DATA PROVIDED Start Marker

Lemma ereducible_exists_join (X S : nat -> Prop) :
  (forall x, X x <-> exists m, S (cpair m x)) -> ereducible X (join S (set_compl S)).
Proof.
move=> XE; apply: (@ereducible_search _ _ (fun _ _ => 0) (fun m x => (cpair m x).*2)
                     PZero (PComp c_add [:: c_cpair; c_cpair])).
- by move=> m x; apply: evZero.
- by move=> m x; rewrite -addnn; apply: ev_comp2 (ev_cpair _ _) (ev_cpair _ _) (ev_add _ _).
- move=> x; rewrite XE /join; split=> -[m Hm]; exists m; move: Hm; rewrite odd_double doubleK /=.
  + by move=> Sm; split=> //; left.
  + by case=> _ [[]|[]].
Qed.

Lemma ereducible_join_indicator (M S : nat -> Prop) :
  inL M 1 (indicator S) -> ereducible (join S (set_compl S)) M.
Proof.
move=> [_ [ind_pfun ind_red]].
apply: (@ereducible_comap _ _ _ (fun z => cpair z./2 (~~ odd z))
          (PComp c_cpair [:: c_half; c_even])) ind_red.
  by move=> z; apply: ev_comp2 (ev_half z) (ev_even z) (ev_cpair _ _).
move=> z; rewrite graph_cpair // /join /set_compl; case: (odd z) => /=.
  split=> [[[//]|[_ notS]] | [_ [[<-] [[_ //]|[notS _]]]]]; last by right.
  by exists z./2; split=> //; right.
split=> [[[_ Sz]|[//]] | [_ [[<-] [[Sz _]|[_ //]]]]]; last by left.
by exists z./2; split=> //; left.
Qed.

Definition graph_on (R : nat -> Prop) (alpha : pfun) : nat -> Prop :=
  fun n => R (unpair n).1 /\ alpha [:: (unpair n).1] (unpair n).2.

Section ClosedClass.

Variable M : nat -> Prop.
Hypothesis inL_prfun : forall (k : nat) (c : prcode), 1 <= k -> inL M k (prfun k c).
Hypothesis inL_subst : forall (m k : nat) (f : pfun) (gs : seq pfun),
  1 <= k -> inL M m f -> size gs = m ->
  (forall i, i < m -> inL M k (nth (fun _ _ => False) gs i)) -> inL M k (subst f gs).
Hypothesis inL_primrec : forall (k : nat) (g h : pfun),
  inL M k g -> inL M k.+2 h -> inL M k.+1 (primrec g h).

Lemma inL_indicator_graph_on (R : nat -> Prop) (alpha : pfun) :
  inL M 1 alpha -> inL M 1 (indicator R) -> (forall m, R m -> exists y, alpha [:: m] y) ->
  inL M 1 (indicator (graph_on R alpha)).
Proof.
move=> inL_alpha inL_R alpha_dom.
(* Primitive recursion on the bit [indicator R m] evaluates [alpha m] only when [m] is in [R],
   where it is defined: [G 0 m x = 0] and [G 1 m x = (alpha m == x)]. *)
pose eq_step := subst (prfun 2 c_eq) [:: subst alpha [:: prfun 4 (PProj 2)]; prfun 4 (PProj 3)].
pose G := primrec (prfun 2 PZero) eq_step.
pose g := subst G [:: subst (indicator R) [:: prfun 1 c_fst]; prfun 1 c_fst; prfun 1 c_snd].
have inL_g : inL M 1 g.
  have inL_eq_step : inL M 4 eq_step.
    apply: inL_subst (inL_prfun _ _) _ _ => // -[|[|i]] //= _; last exact: inL_prfun.
    by apply: inL_subst inL_alpha _ _ => // -[|i] //= _; apply: inL_prfun.
  apply: inL_subst (inL_primrec (inL_prfun _ _) inL_eq_step) _ _ => // -[|[|[|i]]] //= _;
    try exact: inL_prfun.
  by apply: inL_subst inL_R _ _ => // -[|i] //= _; apply: inL_prfun.
have [_ [g_pfun _]] := inL_g; have [_ [[_ alpha_fun] _]] := inL_alpha.
apply: inL_ext inL_g; apply: is_pfun_ext g_pfun (indicator_pfun _) _.
case=> [|n [|]] // _; case E: (unpair n) => [m x].
have fst_n : prfun 1 c_fst [:: n] m by split=> //; rewrite -[m]/((m, x).1) -E; apply: ev_unpair1.
have snd_n : prfun 1 c_snd [:: n] x by split=> //; rewrite -[x]/((m, x).2) -E; apply: ev_unpair2.
have graph_onE : graph_on R alpha n <-> R m /\ alpha [:: m] x by rewrite /graph_on E.
have [Rm | notRm] := classic (R m).
  have [a alpha_a] := alpha_dom m Rm.
  exists (a == x); split.
    apply: (subst3_intro (a := 1) _ fst_n snd_n).
      by apply: subst1_intro fst_n _; exists m; split=> //; left.
    apply: primrec1_intro; first by split=> //; apply: evZero.
    apply: (subst2_intro (a := a) (b := x)); last by split=> //; apply: ev_eq.
      by apply: subst1_intro alpha_a; split=> //; apply: ev_proj2.
    by split=> //; apply: ev_proj.
  exists n; split=> //; rewrite graph_onE; case: eqVneq => [<- | ne_ax]; first by left.
  by right; split=> // -[_ /(alpha_fun _ _ _ alpha_a) eq_ax]; move: ne_ax; rewrite eq_ax eqxx.
exists 0; split.
  apply: (subst3_intro (a := 0) _ fst_n snd_n).
    by apply: subst1_intro fst_n _; exists m; split=> //; right.
  by apply: primrec0_intro; split=> //; apply: evZero.
by exists n; split=> //; right; rewrite graph_onE; split=> // -[].
Qed.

DATA PROVIDED End Marker

#### WHAT THIS TASK INVOLVES
Where a line above includes "exact", copy that line.

#### SOLUTION FOR THIS PROBLEM
    apply: inL_subst (inL_prfun _ _) _ _ => // -[|[|i]] //= _; last exact: inL_prfun.
    try exact: inL_prfun.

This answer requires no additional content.